Sur la décision portant obligation de quitter le territoire :
15. En premier lieu, il résulte de ce qui précède que le moyen tiré de l’illégalité, par voie d’exception, de la décision de refus de titre de séjour doit être écarté.
16. En deuxième lieu et pour les mêmes motifs que ceux indiqués aux points 13 et 14 du présent jugement, les moyens tirés de la méconnaissance des stipulations de l’article 8 de la convention européenne de sauvegarde des droits de l’homme et des libertés fondamentales et de l’erreur manifeste d’appréciation, doivent être écartés.
17. En troisième lieu, et pour les mêmes motifs que ceux indiqués au point 11 le moyen tiré de la méconnaissance des dispositions de l’article L. 432-1-1 du code de l’entrée et du séjour des étrangers et du droit d’asile doit être écarté.
18. Il résulte de tout ce qui précède que les conclusions à fin d’annulation de M. B… doivent être rejetées, de même, par conséquent, que les conclusions à fin d’injonction, d’astreinte et celles présentées sur le fondement des dispositions combinées des articles L. 761-1 du code de justice administrative et 37 de la loi du 10 juillet 1991.
D E C I D E :
Article 1er : La requête de M. B… est rejetée.

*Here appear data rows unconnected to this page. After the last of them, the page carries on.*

Lemma Nrm_expj_half (beta0 z : C) (p : quat) :
  qmul (Nrm beta0 z) (qmul (expj_half beta0 z) p) = qmul (expj_half beta0 z) (qmul qi p).
Proof.
  unfold Nrm, expj_half.
  replace (beta beta0 z) with (2 * (beta beta0 z / 2)) at 1 by field.
  rewrite expj_double, !qmul_assoc, <- (qmul_assoc qi), <- (qmul_assoc _ (qmul qi _)).
  rewrite expj_qi_expj. reflexivity.
Qed.

Definition dNrm (b : R) (beta0 z : C) : quat := qscal (2 * PI * b) (qmul qj (Nrm beta0 z)).

Lemma Nrm_dx (beta0 z : C) : is_dx (Nrm beta0) z (dNrm (fst beta0) beta0 z).
Proof.
  destruct z as [x y], beta0 as [b1 b2].
  unfold is_dx, is_deriv_q, dNrm, Nrm, beta, cdot, qmul, qscal, expj, qi, qj;
    cbn [q0 q1 q2 q3 fst snd].
  unfold Rdiv; split; [|split; [|split]]; auto_derive; auto; field.
Qed.

Lemma Nrm_dy (beta0 z : C) : is_dy (Nrm beta0) z (dNrm (snd beta0) beta0 z).
Proof.
  destruct z as [x y], beta0 as [b1 b2].
  unfold is_dy, is_deriv_q, dNrm, Nrm, beta, cdot, qmul, qscal, expj, qi, qj;
    cbn [q0 q1 q2 q3 fst snd].
  unfold Rdiv; split; [|split; [|split]]; auto_derive; auto; field.
Qed.

(* [-(dN)'] on [∂x], [∂y], conjugated by the frame [e^{jβ/2}] *)
Definition dfH_frame_x (beta0 : C) : quat := Quat 0 0 (PI * snd beta0) (PI * fst beta0).
Definition dfH_frame_y (beta0 : C) : quat := Quat 0 0 (- (PI * fst beta0)) (PI * snd beta0).

Lemma dNrm_expj_half (b : R) (beta0 z : C) (p : quat) :
  qmul (dNrm b beta0 z) (qmul (expj_half beta0 z) p) =
  qscal (2 * PI * b) (qmul (expj_half beta0 z) (qmul qj (qmul qi p))).
Proof.
  unfold dNrm. rewrite qmul_qscal_l, !qmul_assoc, Nrm_expj_half.
  unfold expj_half. rewrite <- qmul_assoc, qj_expj, qmul_assoc. reflexivity.
Qed.

Lemma dN'x_expj_half (beta0 z : C) (p : quat) :
  qmul (qopp (qscal (1/2) (qsub (dNrm (fst beta0) beta0 z)
                               (qmul (Nrm beta0 z) (dNrm (snd beta0) beta0 z)))))
       (qmul (expj_half beta0 z) p) =
  qmul (expj_half beta0 z) (qmul (dfH_frame_x beta0) p).
Proof.
  set (e := expj_half beta0 z). set (N := Nrm beta0 z).
  replace (qmul (qopp _) (qmul e p)) with
    (qadd (qscal (- (1/2)) (qmul (dNrm (fst beta0) beta0 z) (qmul e p)))
          (qscal (1/2) (qmul N (qmul (dNrm (snd beta0) beta0 z) (qmul e p)))))
    by (clearbody e N; generalize (dNrm (fst beta0) beta0 z) (dNrm (snd beta0) beta0 z);
        intros d1 d2; quat_field).
  unfold e, N; clear e N. rewrite !dNrm_expj_half, qmul_qscal_r, Nrm_expj_half.
  generalize (expj_half beta0 z); intro e.
  unfold dfH_frame_x; quat_field.
Qed.

Lemma dN'y_expj_half (beta0 z : C) (p : quat) :
  qmul (qopp (qscal (1/2) (qadd (dNrm (snd beta0) beta0 z)
                               (qmul (Nrm beta0 z) (dNrm (fst beta0) beta0 z)))))
       (qmul (expj_half beta0 z) p) =
  qmul (expj_half beta0 z) (qmul (dfH_frame_y beta0) p).
Proof.
  set (e := expj_half beta0 z). set (N := Nrm beta0 z).
  replace (qmul (qopp _) (qmul e p)) with
    (qadd (qscal (- (1/2)) (qmul (dNrm (snd beta0) beta0 z) (qmul e p)))
          (qscal (- (1/2)) (qmul N (qmul (dNrm (fst beta0) beta0 z) (qmul e p)))))
    by (clearbody e N; generalize (dNrm (fst beta0) beta0 z) (dNrm (snd beta0) beta0 z);
        intros d1 d2; quat_field).
  unfold e, N; clear e N. rewrite !dNrm_expj_half, qmul_qscal_r, Nrm_expj_half.
  generalize (expj_half beta0 z); intro e.
  unfold dfH_frame_y; quat_field.
Qed.

Lemma dfH_frame_y_neq0 (beta0 : C) : beta0 <> 0%C -> qnorm2 (dfH_frame_y beta0) <> 0.
Proof.
  intro hb. apply cnorm2_neq0 in hb. pose proof PI_RGT_0.
  unfold qnorm2, dfH_frame_y, cnorm2, cdot in *; cbn [q0 q1 q2 q3] in *.
  replace (0 * 0 + 0 * 0 + - (PI * fst beta0) * - (PI * fst beta0)
           + PI * snd beta0 * (PI * snd beta0))
    with ((PI * PI) * (fst beta0 * fst beta0 + snd beta0 * snd beta0)) by ring.
  apply Rmult_integral_contrapositive_currified; [nra | exact hb].
Qed.

Section MeanCurvature.

Variables (beta0 : C) (g H : C -> quat).
Hypothesis hH : is_mean_curv beta0 g H.

Lemma dfHx_expj_half (z : C) (p : quat) :
  qmul (qmul (dfx beta0 g z) (H z)) (qmul (expj_half beta0 z) p) =
  qmul (expj_half beta0 z) (qmul (dfH_frame_x beta0) p).
Proof.
  destruct (hH z _ _ (Nrm_dx beta0 z) (Nrm_dy beta0 z)) as [hx _].
  rewrite <- (qopp_involutive (qmul (dfx beta0 g z) (H z))), <- hx. apply dN'x_expj_half.
Qed.

Lemma dfHy_expj_half (z : C) (p : quat) :
  qmul (qmul (dfy beta0 g z) (H z)) (qmul (expj_half beta0 z) p) =
  qmul (expj_half beta0 z) (qmul (dfH_frame_y beta0) p).
Proof.
  destruct (hH z _ _ (Nrm_dx beta0 z) (Nrm_dy beta0 z)) as [_ hy].
  rewrite <- (qopp_involutive (qmul (dfy beta0 g z) (H z))), <- hy. apply dN'y_expj_half.
Qed.

End MeanCurvature.

Definition one_sub_k (l : C) : quat := qsub qone (qmul qk (embC l)).

Definition mono_scalar (A D c z : C) : C :=
  Cmult (Cmult (e_del D z) (RtoC (exp (2 * PI * cdot A z)))) c.

Definition mono_section (beta0 l A D c : C) (z : C) : quat :=
  qmul (expj_half beta0 z) (qmul (one_sub_k l) (embC (mono_scalar A D c z))).

Lemma mono_base_section (beta0 A B d c z : C) :
  qmul (mono_base beta0 A B d z) (embC c) =
  mono_section beta0 (lambda_del beta0 A B d) A (Cminus d B) c z.
Proof.
  unfold mono_base, mono_section, mono_scalar, expj_half, one_sub_k.
  generalize (expj (beta beta0 z / 2)) (qsub qone (qmul qk (embC (lambda_del beta0 A B d))))
    (e_del (Cminus d B) z) (exp (2 * PI * cdot A z)).
  intros e u w r. unfold Cmult, RtoC. quat_field.
Qed.

Lemma mono_scalar_neq0 (A D c z : C) : c <> 0%C -> mono_scalar A D c z <> 0%C.
Proof.
  intro hc. unfold mono_scalar. apply Cmult_neq_0; [apply Cmult_neq_0|exact hc].
  - unfold e_del. intro h. injection h as hcos hsin.
    pose proof (sin2_cos2 (2 * PI * cdot D z)) as h1.
    rewrite hcos, hsin in h1. unfold Rsqr in h1. lra.
  - intro h. injection h as h. pose proof (exp_pos (2 * PI * cdot A z)). lra.
Qed.

(* [π β₀ j] comes from differentiating the frame, [2π (A + iD)] from [φ]. *)
Definition mono_dcoef (bx Ax Dx : R) (l : C) : quat :=
  qadd (qscal (PI * bx) (qmul qj (one_sub_k l)))
       (qmul (one_sub_k l) (embC (2 * PI * Ax, 2 * PI * Dx))).

Lemma mono_section_dx (beta0 l A D c z : C) :
  is_dx (mono_section beta0 l A D c) z
    (qmul (expj_half beta0 z)
          (qmul (mono_dcoef (fst beta0) (fst A) (fst D) l) (embC (mono_scalar A D c z)))).
Proof.
  destruct z as [x y], beta0 as [b1 b2], A as [A1 A2], D as [D1 D2], l as [l1 l2],
    c as [c1 c2].
  unfold is_dx, is_deriv_q, mono_section, mono_dcoef, mono_scalar, expj_half, one_sub_k, e_del,
    beta, cdot, expj, Cmult, RtoC;
    cbv [qsub qadd qopp qscal qmul embC qone qj qk q0 q1 q2 q3 fst snd].
  unfold Rdiv; split; [|split; [|split]]; auto_derive; auto; field.
Qed.

Lemma mono_section_dy (beta0 l A D c z : C) :
  is_dy (mono_section beta0 l A D c) z
    (qmul (expj_half beta0 z)
          (qmul (mono_dcoef (snd beta0) (snd A) (snd D) l) (embC (mono_scalar A D c z)))).
Proof.
  destruct z as [x y], beta0 as [b1 b2], A as [A1 A2], D as [D1 D2], l as [l1 l2],
    c as [c1 c2].
  unfold is_dy, is_deriv_q, mono_section, mono_dcoef, mono_scalar, expj_half, one_sub_k, e_del,
    beta, cdot, expj, Cmult, RtoC;
    cbv [qsub qadd qopp qscal qmul embC qone qj qk q0 q1 q2 q3 fst snd].
  unfold Rdiv; split; [|split; [|split]]; auto_derive; auto; field.
Qed.

Definition dmu_coef (l a b : C) : quat :=
  qadd (qmul (qmul qi (one_sub_k l)) (embC a)) (qmul (one_sub_k l) (embC b)).

Definition dmu_defect (bx Ax Dx : R) (Q : quat) (l mu : C) : quat :=
  qadd (mono_dcoef bx Ax Dx l)
       (qscal (1/2) (qmul Q (dmu_coef l (Cminus (amu mu) 1%C) (bmu mu)))).

Lemma dmu_term_mono_section (beta0 : C) (H : C -> quat) (mu l A D c : C) (dfv Q : quat)
    (z : C) :
  (forall p, qmul (qmul dfv (H z)) (qmul (expj_half beta0 z) p) =
             qmul (expj_half beta0 z) (qmul Q p)) ->
  dmu_term beta0 H mu (mono_section beta0 l A D c) dfv z =
  qscal (1/2) (qmul (expj_half beta0 z)
    (qmul Q (qmul (dmu_coef l (Cminus (amu mu) 1%C) (bmu mu)) (embC (mono_scalar A D c z))))).
Proof.
  intro hQ. unfold dmu_term, mono_section.
  rewrite Nrm_expj_half, <- hQ. f_equal. f_equal.
  unfold dmu_coef. generalize (expj_half beta0 z) (one_sub_k l) (mono_scalar A D c z)
    (Cminus (amu mu) 1%C) (bmu mu).
  intros e u w a b. quat_field.
Qed.

Lemma is_deriv_q_unique (F : R -> quat) (t : R) (v w : quat) :
  is_deriv_q F t v -> is_deriv_q F t w -> v = w.
Proof.
  intros (hv0 & hv1 & hv2 & hv3) (hw0 & hw1 & hw2 & hw3).
  destruct v as [v0 v1 v2 v3], w as [w0 w1 w2 w3]; cbn [q0 q1 q2 q3] in *.
  apply is_derive_unique in hv0, hv1, hv2, hv3, hw0, hw1, hw2, hw3.
  congruence.
Qed.

Section ParallelSection.

Variables (beta0 : C) (g H : C -> quat) (mu l A D c : C).
Hypothesis hH : is_mean_curv beta0 g H.

Lemma dmu_mono_section_x (z : C) :
  qadd (qmul (expj_half beta0 z)
             (qmul (mono_dcoef (fst beta0) (fst A) (fst D) l) (embC (mono_scalar A D c z))))
       (dmu_term beta0 H mu (mono_section beta0 l A D c) (dfx beta0 g z) z) =
  qmul (expj_half beta0 z)
       (qmul (dmu_defect (fst beta0) (fst A) (fst D) (dfH_frame_x beta0) l mu)
             (embC (mono_scalar A D c z))).
Proof.
  rewrite (dmu_term_mono_section _ _ _ _ _ _ _ _ (dfH_frame_x beta0) _
             (dfHx_expj_half _ _ _ hH z)).
  unfold dmu_defect. generalize (expj_half beta0 z) (mono_dcoef (fst beta0) (fst A) (fst D) l)
    (dfH_frame_x beta0) (dmu_coef l (Cminus (amu mu) 1%C) (bmu mu)) (mono_scalar A D c z).
  intros e m q w s. quat_field.
Qed.

Lemma dmu_mono_section_y (z : C) :
  qadd (qmul (expj_half beta0 z)
             (qmul (mono_dcoef (snd beta0) (snd A) (snd D) l) (embC (mono_scalar A D c z))))
       (dmu_term beta0 H mu (mono_section beta0 l A D c) (dfy beta0 g z) z) =
  qmul (expj_half beta0 z)
       (qmul (dmu_defect (snd beta0) (snd A) (snd D) (dfH_frame_y beta0) l mu)
             (embC (mono_scalar A D c z))).
Proof.
  rewrite (dmu_term_mono_section _ _ _ _ _ _ _ _ (dfH_frame_y beta0) _
             (dfHy_expj_half _ _ _ hH z)).
  unfold dmu_defect. generalize (expj_half beta0 z) (mono_dcoef (snd beta0) (snd A) (snd D) l)
    (dfH_frame_y beta0) (dmu_coef l (Cminus (amu mu) 1%C) (bmu mu)) (mono_scalar A D c z).
  intros e m q w s. quat_field.
Qed.

Hypothesis hc : c <> 0%C.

Article 2 : Le présent jugement sera notifié à M. C… B… et à la préfète de l’Aisne.
Délibéré après l’audience du 27 novembre 2025 à laquelle siégeaient :
- M. Binand, président,
- Mme A… et Mme Fass, conseillères,
Rendu public par mise à disposition au greffe le 26 décembre 2025.
La rapporteure,
Signé
L. Fass
Le président,
Signé
C. Binand
La greffière,
Signé
F. Joly
La République mande et ordonne à la préfète de l’Aisne en ce qui la concerne ou à tous commissaires de justice à ce requis en ce qui concerne les voies de droit commun contre les parties privées, de pourvoir à l’exécution de la présente décision.